Why did BBC iPlayer go down?
James R | On 23, Jul 2014
Fans of Formula 1 and EastEnders would have noticed over the weekend that BBC iPlayer wasn’t working properly. As we reported this week, the BBC’s flagship VOD service experiences some severe downtime, as problems first surfaced on Saturday 19th July in the morning and plagued the platform all the way through until Monday.
So what happened? Why did BBC iPlayer break?
Richard Cooper, Controller of Digital Distribution at BBC Future Media, has written a lengthy blog post to explain exactly what went wrong.
It starts with some pretty detailed technical language:
“We have a system comprising 58 application servers and 10 database servers that provides programme and clip metadata.”
Translation: The BBC has a computer system.
It continues:
“This data powers various BBC iPlayer applications for the devices that we support (which is over 1200 and counting) as well as modules of programme information and clips on many sites across BBC Online. This system is split across two data centres in a “hot-hot” configuration (both running at the same time), with the expectation that we can run at any time from either one of those data centres.”
Translation: The BBC iPlayer service streams a lot of video to a lot of devices, so they’ve got the thing running through two systems to make sure it works at all the time.
So what happened?
“At 9.30 on Saturday morning (19th July 2014) the load on the database went through the roof, meaning that many requests for metadata to the application servers started to fail.”
Translation: Bad things happened.
“The immediate impact of this depended on how each product uses that data. In many cases the metadata is cached at the product level, and can continue to serve content while attempting to revalidate. In some cases (mostly older applications), the metadata is used directly, and so those products started to fail.”
Translation: Things broke, but the BBC has a cache to keep things running. So everything’s ok.
“At almost the same time we had a second problem…”
Translation: Bad things got worse.
How?
“We use a caching layer in front of most of the products on BBC Online, and one of the pools failed. The products managed by that pool include BBC iPlayer and the BBC homepage, and the failure made all of those products inaccessible. That opened up a major incident at the same time on a second front.”
Translation: That cache? Yeah, it failed.

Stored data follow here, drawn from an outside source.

(* Let $m\le p<n$. Let $Q$ be an $n\times p$ matrix with $Q^*BQ=I_p$ of the form $$Q=[\,(X_m+X_m'G)L^{-1}\;\;V\,]\,U,$$ where: - $G$ is $(n-m)\times m$ with $\|G\|=\epsilon\le1/2$; - $V$ is $n\times(p-m)$; - $U$ is $p\times p$ unitary; - $L^{-1}=[(X_m+X_m'G)^*B(X_m+X_m'G)]^{-1/2}$. Then: (1) $\|L^{-1}-I_m\|\le\epsilon^2$, and $V=X_mS+X_m'HR$ for some $m\times(p-m)$ matrix $S$ with $\|S\|\le\epsilon$, some $(n-m)\times(p-m)$ matrix $H$ with $H^*H=I_{p-m}$, and some $(p-m)\times(p-m)$ matrix $R$ with $\|R-I_{p-m}\|\le\epsilon^2$. (2) $X^*BQ=\left(\begin{bmatrix}I_m&0\\0&H\end{bmatrix}+\Theta\right)U$, where $\Theta=\begin{bmatrix}\Theta_{11}&\Theta_{12}\\ \Theta_{21}&\Theta_{22}\end{bmatrix}$ with $\Theta_{11}$ of size $m\times m$ satisfies $\|\Theta_{11}\|,\|\Theta_{22}\|\le\epsilon^2$ and $\|\Theta_{12}\|,\|\Theta_{21}\|\le(1+\epsilon^2)\epsilon$. (3) For every real diagonal $n\times n$ matrix $D=\mathrm{diag}(D_m,D_m')$, with $D_m$ of size $m\times m$, $$(Q^*BX)D(X^*BQ)=U^*\left(\begin{bmatrix}D_m&0\\0&H^*D_m'H\end{bmatrix}+\Delta\right)U,\qquad \Delta=\begin{bmatrix}\Delta_{11}&\Delta_{12}\\ \Delta_{12}^*&\Delta_{22}\end{bmatrix},$$ where $\Delta_{11}$ is $m\times m$, $\|\Delta_{11}\|,\|\Delta_{22}\|\le4\|D\|\epsilon^2$ and $\|\Delta_{12}\|\le4\|D\|\epsilon$.
   Context: Setup: - $A,B$ are Hermitian $n\times n$ matrices, $B$ positive definite, $B=C^*C$ with $C$ invertible. - $X=[x_1,\dots,x_n]$ satisfies $X^*BX=I$ (so $CX$ is unitary) and $AX=BX\Lambda$, with $\Lambda$ real diagonal. - $X_m=[x_1,\dots,x_m]$ and $X_m'=[x_{m+1},\dots,x_n]$. - $\|\cdot\|$ is the spectral norm; $(\cdot)^{-1/2}$ of a Hermitian positive definite matrix is the principal inverse square root. *)

(* Complex matrices are modelled over an arbitrary
   numClosedFieldType C (e.g. the complex numbers), with conjugation Num.conj. *)
From HB Require Import structures.
From mathcomp Require Import all_boot all_order all_algebra.
Set Implicit Arguments. Unset Strict Implicit. Unset Printing Implicit Defensive.
Import Order.TTheory GRing.Theory Num.Theory.
Local Open Scope ring_scope.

This is Major Trouble Central right here.
“The failure was a complex one (we’re still doing the forensics on it), and it has repeated a number of times.”

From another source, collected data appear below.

Local Notation image := (subm (range_submod (g \o inclusionL f embed_sum_range))).

Lemma image_fst_in (t : image) : P (val t).1.
Proof.
have [[b w] <-] := subm_in t; apply/P_fix.
exists (inclusion (b, w)) => //; split.
  by apply/embed_sum_range; exists b.
exact: (subm_in w).
Qed.

Definition image_proj (t : image) : Z := subm_of (Submod HP) (image_fst_in t).

Lemma image_proj_linearP r u v :
  image_proj (r *: u + v) = r *: image_proj u + image_proj v.
Proof. by apply: val_inj; rewrite [val (_ + _)]linearP. Qed.

Definition image_projL : {linear image -> Z} := mkLinear image_proj_linearP.

Lemma image_proj_surj z : exists t, image_projL t = z.
Proof.
have [s [/embed_sum_range[b eq_b] Ws] eq_z] := (P_fix (val z)).2 (subm_in z).
exists (corange _ (b, subm_of (stable_submod f embed_sum_range) Ws)).
by apply: val_inj; rewrite /= -eq_z /inclusion eq_b [s in RHS]surjective_pairing.
Qed.

Lemma submodule_of_kernel_image_proj : submodule_of (subm (kernel_submod image_projL)) N.
Proof.
have proj_fst (u : subm (kernel_submod image_projL)) : (val (val u)).1 = 0.
  have ku : image_projL (val u) = 0 := subm_in u.
  by have /= := congr1 val ku.
exists (snd \o val \o val) => u u' /= eq2; apply/val_inj/val_inj.
by rewrite [LHS]surjective_pairing [RHS]surjective_pairing !proj_fst eq2.
Qed.

Lemma vdeg_le_kernel_image_proj :
  finite_length Y -> finite_length M -> finite_length X -> injective f ->
  (forall s, g s = 0 <-> exists x, s = f x) ->
  vdeg_le M' (subm (kernel_submod image_projL)).
Proof.
move=> FY FM FX f_inj g_ker.
have FZ : finite_length Z by apply: finite_length_subm.
exists Z; split=> //; apply: deg_le_extension image_proj_surj _.
  by apply: finite_length_prod => //; apply: finite_length_inj i_inj FM.
apply: (deg_le_range (F := restrictL f embed_sum_inj embed_sum_range)).
- exact: finite_length_subm.
- exact: restrict_inj.
- exact: (restrict_kernel embed_sum_inj g_ker).
Qed.

End VirtualDegeneration.

Lemma vdeg_le_sub (R : pzRingType) (M N M' : lmodType R) (i : {linear M' -> M}) :
  injective i -> finite_length M -> vdeg_le M N ->
  exists N' : lmodType R, submodule_of N' N /\ vdeg_le M' N'.
Proof.
move=> i_inj FM [Y [FY [X [FX [f [g [f_inj [_ g_ker]]]]]]]].
have [P HP P_fix] := submodule_fixpoint FY (is_submodule_top_image i f g)
  (@top_image_mono _ _ _ _ _ _ i f g).
exists (subm (kernel_submod (image_projL HP P_fix))); split.
  exact: submodule_of_kernel_image_proj.
exact: vdeg_le_kernel_image_proj.
Qed.

Unset Implicit Arguments.
Theorem theorem1p5 (k : comPzRingType) (L : algType k) (M N M' : lmodType L)
  (i : {linear M' -> M}) :
  artin_algebra L -> finite_length M -> finite_length N -> injective i ->
  (deg_le M N -> exists N' : lmodType L, submodule_of N' N /\ deg_le M' N') /\
  (vdeg_le M N -> exists N' : lmodType L, submodule_of N' N /\ vdeg_le M' N').
Proof.
move=> _ FM _ i_inj; split; [exact: deg_le_sub i_inj | exact: vdeg_le_sub i_inj FM].
Qed.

Translation: We’re still trying to work out how to stop it happening again.
“It was this failure that resulted in us switching the homepage to its emergency mode (“Due to technical problems, we are displaying a simplified version of the BBC Homepage”). We used the emergency page a number of times during the weekend, eventually leaving it up until we were confident that we had completely stabilised the cache.”
Translation: FUUUUUUUUUUUUUUUUUUUUUUUUUUUUUUUU.
“Restoring the metadata service was complex. Isolating the source of the additional load proved to be far from straightforward, and restoring the service itself is not as simple as rebooting it (turning it off and on again is the ultimate solution to most problems). Performance of the system remained sufficiently poor that in the end we decided to do some significant remedial work on Saturday afternoon, which ran on until the evening. During that period, BBC iPlayer was effectively not useable.”
Translation: They hadn’t tried turning it off and on again.
From Sunday on, Cooper says that iPlayer was in a “walking wounded state”, with near-normal operation. The problem? Sunday night is the busiest ime of the week, so turning it off and on again would have meant no iPlayer for everyone, rather than iPlayer for some people.
The reboot occurred on Monday morning, which left the service running as usual for everyone.
To sum up? High demand made things break. The back-up things broke. So the BBC did the only thing that is guaranteed to get a flagship video on-demand service working again: turn it off and turn it on again.
What does that mean for programmes people may have missed? “I’m afraid we can’t simply turn back the clock,” says Cooper, “and as such the availability for you to watch some programmes in the normal seven day catch-up window was reduced.”
Many titles, though, are still available now, he points out: it is “essentially programmes aired on Saturday 12th July and Sunday 13th July” that are now not available.
“It’s small consolation but that was the weekend of the World Cup Final, Scottish Open, Women’s Open and other live sporting events which are less likely to be viewed on catch-up,” he notes, correctly.
Nonetheless, he is right to point out that “instances like this are incredibly rare”. VOD failures have been more common on other platforms, such as Sky’s NOW, which went down during live streams of several Game of Thrones episodes, as well as the final day of the Premier League season. Even during the World Cup, the BBC’s live streaming only suffered lag, compared to ITV’s temporary, full-blown drop-out. For a free product, which is used by millions, this is the first major problem that BBC iPlayer has encountered. Luckily, we now know that if it ever happens again – the Beeb is trying to ensure it will not – the on-off switch is always handy,
He concluded:
“We’re sorry for the inconvenience.”
Translation: We’re sorry.